There, then, the two forces lay, with a short mile of sloping ground between them, awaiting the dawn. Under cover of darkness, a body of mounted gendarmes attempted to charge the insurgent position, but they were repulsed by bombs.
Meanwhile, what had become of the naval cooperation, on which so much reliance had been placed? It had failed, through the tragic weakness of one man. Candido dos Reis is one of the canonized saints of the Republic; but I think it shows a good deal of generosity in the Portuguese character that the Devil’s Advocate has not made himself heard in the case. Dos Reis had undertaken the command of the naval side of the revolt; but oddly enough, he seems to have arranged no method of conveyance to his post of duty.
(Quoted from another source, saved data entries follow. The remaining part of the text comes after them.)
(* Let $N\geq 1$ be an integer. Then for all $0<x<\pi/2$, \[ 3+\sum_{j=2}^{N}\frac{(2^{2j}-4)|B_{2j}|}{(2j)!}x^{2j}+\rho_N x^{2N+1}\tan x<2\left(\frac{x}{\sin x}\right)+\frac{x}{\tan x}<3+\sum_{j=2}^{N}\frac{(2^{2j}-4)|B_{2j}|}{(2j)!}x^{2j}+\varrho_N x^{2N+1}\tan x, \] with the best possible constants $\rho_N=0$ and $\varrho_N=\dfrac{4(2^{2N}-1)|B_{2N+2}|}{(2N+2)!}$.
   Context: The Bernoulli numbers $B_n$ are defined by $\frac{t}{e^t-1}=\sum_{n=0}^\infty B_n\frac{t^n}{n!}$ for $|t|<2\pi$. An empty sum is understood to be zero. *)

From Stdlib Require Import Reals Lra Lia Arith Factorial.
Open Scope R_scope.

(* The Bernoulli numbers, characterised as in the paper by their generating
   function: t/(e^t - 1) = sum_{n>=0} B_n t^n / n!  for 0 < |t| < 2*pi
   (at t = 0 the left side is understood as its limit 1, which is then
   forced by continuity of the power series). *)
Definition bernoulli_gf (B : nat -> R) : Prop :=
  forall t : R, t <> 0 -> Rabs t < 2 * PI ->
    infinite_sum (fun n => B n * t ^ n / INR (fact n)) (t / (exp t - 1)).

Fixpoint sum_lt (n : nat) (f : nat -> R) : R :=
  match n with
  | O => 0
  | S k => sum_lt k f + f k
  end.

Definition partial_sum (B : nat -> R) (N : nat) (x : R) : R :=
  sum_lt (N - 1) (fun i => let j := (i + 2)%nat in
     (2 ^ (2 * j) - 4) * Rabs (B (2 * j)%nat) / INR (fact (2 * j)) * x ^ (2 * j)).

Definition mid (x : R) : R := 2 * (x / sin x) + x / tan x.

From Stdlib Require Import Reals Factorial Lra Lia Wf_nat.
From Coquelicot Require Import Coquelicot.
Open Scope R_scope.

(* Write x cot x = sum_k u_k x^(2k).  The generating function of the Bernoulli
   numbers gives the expansion of x coth x, and comparing coefficients in
   (x coth x) sinh x = x cosh x and (x cot x) sin x = x cos x identifies u_k with
   (-1)^k 4^k B_(2k)/(2k)!.  The double-angle identity
   (x cot x)^2 = (2x cot 2x)(x cot x) + x^2 becomes a convolution recursion
   showing that v_k = -u_k is positive and that v_(k+1) <= v_k / 9 for k >= 1.
   Since 2 x / sin x + x / tan x = 4 (x/2) cot (x/2) - x cot x, the middle
   expression is sum_k (4^(1-k) - 1) u_k x^(2k), whose coefficients are 3, 0 and
   then exactly the terms of the partial sum.  The tail after degree 2N is
   therefore positive and dominated by a geometric series, which stays below
   varrho_N x^(2N+1) tan x because x / (1 - 5 x^2/36) < tan x.  Both constants
   are sharp: near pi/2 the tail stays bounded while tan x blows up, and near 0
   the tail is varrho_N x^(2N+2) + O(x^(2N+4)) while x^(2N+1) tan x ~ x^(2N+2). *)

(** * Power series *)

Lemma Rbar_le_of_forall_lt (r : R) (l : Rbar) :
  Rbar_le 0 l -> (forall s, 0 < s < r -> Rbar_le s l) -> Rbar_le r l.
Proof.
  intros H0 H. destruct l as [c| |]; simpl in *; auto.
  apply Rnot_lt_le. intros Hc. specialize (H ((c + r) / 2) ltac:(lra)). simpl in H. lra.
Qed.
Lemma l1_geodesic_coord Z z z' gam i : l1_geodesic Z z z' gam ->
  monotone_arc (l1dist z z') (z 0 i) (z' 0 i) (fun s => gam (l1dist z z' * s) 0 i).
Proof.
case=> gam0 gamD _ gam_iso; set D := l1dist z z'.
have D0 : 0 <= D := l1dist_ge0 z z'.
have scale01 s : 0 <= s <= 1 -> 0 <= D * s <= D.
  case/andP=> s0 s1; rewrite mulr_ge0 //= -{2}[D]mulr1.
  exact: ler_wpM2l.
split => //.
- by rewrite mulr0 gam0.
- by rewrite mulr1 gamD.
- move=> [s s'] [/=]; rewrite !in_itv /= => s01 s'01.
  apply: le_trans (l1dist_coord_le _ _ i) _.
  by rewrite gam_iso ?scale01 // -mulrBr normrM ger0_norm.
- move=> s s' s0 ss' s'1; apply: l1dist_betweenr.
  have s01 : 0 <= s <= 1 by rewrite s0 (le_trans ss').
  have s'01 : 0 <= s' <= 1 by rewrite (le_trans s0 ss').
  rewrite !gam_iso ?scale01 ?lexx ?ler01 //.
  have : D * s <= D * s' by apply: ler_wpM2l.
  have /andP[? _] := scale01 s s01; rewrite mulr0.
  by split_norms; lra.
Qed.

Definition in_grid_cell lam (m : 'I_n -> int) x := forall i, in_cell lam (m i) (x 0 i).

Definition cell_hull Z lam : set pt :=
  [set x | exists m, in_grid_cell lam m x /\ exists2 z, Z z & in_grid_cell lam m z].

Lemma cell_hull_l1_convex Z lam : 0 < lam -> l1_convex Z -> l1_convex (cell_hull Z lam).
Proof.
move=> lam0 /l1_convexP Z_cvx; apply/l1_convexP.
move=> x y [m1 [x_m1 [z1 Zz1 z1_m1]]] [m2 [y_m2 [z2 Zz2 z2_m2]]].
have [gam gam_geo] := Z_cvx z1 z2 Zz1 Zz2; set D := l1dist z1 z2.
have [sig sig_sh] := choice (fun i => shadow_exists lam0 (x_m1 i) (z1_m1 i)
  (y_m2 i) (z2_m2 i) (l1_geodesic_coord i gam_geo)).
pose path t : pt := \row_i sig i t.
have pathE i : (fun t => path t 0 i) = sig i by apply/funext => t; rewrite mxE.
have path_end t (v : pt) : (forall i, sig i t = v 0 i) -> path t = v.
  by move=> sig_v; apply/matrixP => a i; rewrite (ord1 a) mxE.
apply: (@l1_geodesic_of_monotone_path _ _ _ x y path 3 (D + l1dist x y)).
- by rewrite ler0n.
- by apply: path_end => i; case: (sig_sh i).
- by apply: path_end => i; case: (sig_sh i).
- move=> t /andP[t0 t3].
  have [t1|lt1t] := lerP t 1.
    exists m1; split; last by exists z1.
    by move=> i; rewrite mxE; case: (sig_sh i) => _ _ _ _ [+ _ _]; apply; apply/andP.
  have [t2|ltt2] := lerP 2 t.
    exists m2; split; last by exists z2.
    by move=> i; rewrite mxE; case: (sig_sh i) => _ _ _ _ [_ _ +]; apply; apply/andP.
  have t12 : 1 <= t <= 2 by rewrite !ltW.
  have [m m_spec] := choice (fun i =>
    let: And5 _ _ _ _ (And3 _ cell12 _) := sig_sh i in cell12 t t12).
  exists m; split; first by move=> i; rewrite mxE; case: (m_spec i).
  exists (gam (D * (t - 1))); last by move=> i; case: (m_spec i).
  case: gam_geo => _ _ gamZ _; apply: gamZ.
  apply/andP; split; first by rewrite mulr_ge0 ?l1dist_ge0 // subr_ge0 ltW.
  by apply: ler_piMr; [exact: l1dist_ge0 | lra].
- move=> i; rewrite pathE; case: (sig_sh i) => _ _ sig_lip _ _.
  apply: lipschitz_le sig_lip; rewrite lerD2l l1distC.
  exact: l1dist_coord_le.
- by move=> i; rewrite pathE; case: (sig_sh i).
Qed.

Definition cell_center (m : 'I_n -> int) : pt := \row_i ((m i)%:~R + 2^-1).

Lemma pixel_cell_center lam m x : 0 < lam ->
  pixel lam (cell_center m) x <-> in_grid_cell lam m x.
Proof.
move=> lam0; split.
  move=> [q q_cube <-] i; rewrite in_cell_centerE // !mxE mulrC mulKf ?gt_eqF //.
  by rewrite [_ + q 0 i]addrC addrK; apply: q_cube.
move=> x_m; exists (lam^-1 *: x - cell_center m).
  by move=> i; have := x_m i; rewrite in_cell_centerE // !mxE mulrC.
by rewrite addrC subrK scalerA mulfV ?scale1r // gt_eqF.
Qed.
Lemma atomic_embedding_atom x k :
  atomic_embedding x (atom k) = fun z => xi k x z - xi k x0 z.
Proof. by rewrite /atomic_embedding atom_indexK eqxx. Qed.

Lemma atomic_embedding_off x t : ~ range atom t -> atomic_embedding x t = fun=> 0.
Proof.
move=> t_off; rewrite /atomic_embedding; case: eqP => // tE.
by case: t_off; exists (atom_index t).
Qed.

Lemma atomic_embedding_dichotomy x t :
  atomic_embedding x t = atomic_embedding x (atom (atom_index t)) \/
  atomic_embedding x t = fun=> 0.
Proof.
rewrite atomic_embedding_atom /atomic_embedding.
by case: ifP => _; [left|right].
Qed.

Lemma in_lp_atomic_embedding x t : in_lp p (atomic_embedding x t).
Proof.
rewrite /atomic_embedding; case: eqP => _; last exact: in_lp0.
exact: in_lpB.
Qed.

Lemma integral_atom_measure (h : R -> \bar R) (h0 : \bar R) :
  (forall t, 0 <= h t)%E -> (forall t, ~ range atom t -> h t = h0) ->
  (\int[atom_measure]_(t in `[c, +oo[) h t = \sum_(k <oo) (w k)%:num%:E * h (atom k))%E.
Proof.
move=> h_ge0 h_off.
have mh : measurable_fun (`[c, +oo[ : set (measurableTypeR R)) h.
  by move=> _ Y _; apply: measurable_preimage_cst_off_range h_off _.
rewrite ge0_integral_measure_series//; apply: eq_eseriesr => k _.
rewrite ge0_integral_mscale// integral_dirac// diracE (mem_set (atom_in_itv k))//.
by rewrite mul1e.
Qed.

Lemma integral_atomic_embedding_dist x y :
  (\int[atom_measure]_(t in `[c, +oo[)
     (lp_norm p (fun z => atomic_embedding x t z - atomic_embedding y t z) `^ p)%:E
   = \sum_(k <oo)
     ((w k)%:num * lp_norm p (fun z => xi k x z - xi k y z) `^ p)%:E)%E.
Proof.
rewrite (integral_atom_measure _ 0%E).
- apply: eq_eseriesr => k _.
  rewrite (atomic_embedding_atom x) (atomic_embedding_atom y) EFinM.
  suff -> : (fun z => xi k x z - xi k x0 z - (xi k y z - xi k x0 z)) =
    (fun z => xi k x z - xi k y z) by [].
  by apply: funext => z; rewrite opprB addrA subrK.
- by move=> t; rewrite lee_fin powR_ge0.
- move=> t t_off; rewrite (atomic_embedding_off x _ t_off) (atomic_embedding_off y _ t_off).
  by rewrite (lp_normB_id p_gt0 (fun=> 0)) powR0 ?gt_eqF.
Qed.

Lemma atomic_embedding_basepoint t : atomic_embedding x0 t = fun=> 0.
Proof.
rewrite /atomic_embedding; case: eqP => // _.
by apply: funext => z; rewrite subrr.
Qed.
He found at the wharf a small steamer, the captain of which agreed to take him off to the ships; but there was some delay in getting up steam. During this pause, some one as yet unidentified, but evidently a friend of Dos Reis, rushed down to the wharf and shouted to him that the revolt was crushed and all was lost. Dos Reis, who had assumed his naval uniform on board the steamer, took it off again, and, in civilian attire, went ashore. He proceeded to his sister’s house, where he spent an hour; then he sallied forth again, and was found next morning in a distant quarter of the city with a bullet through his brain.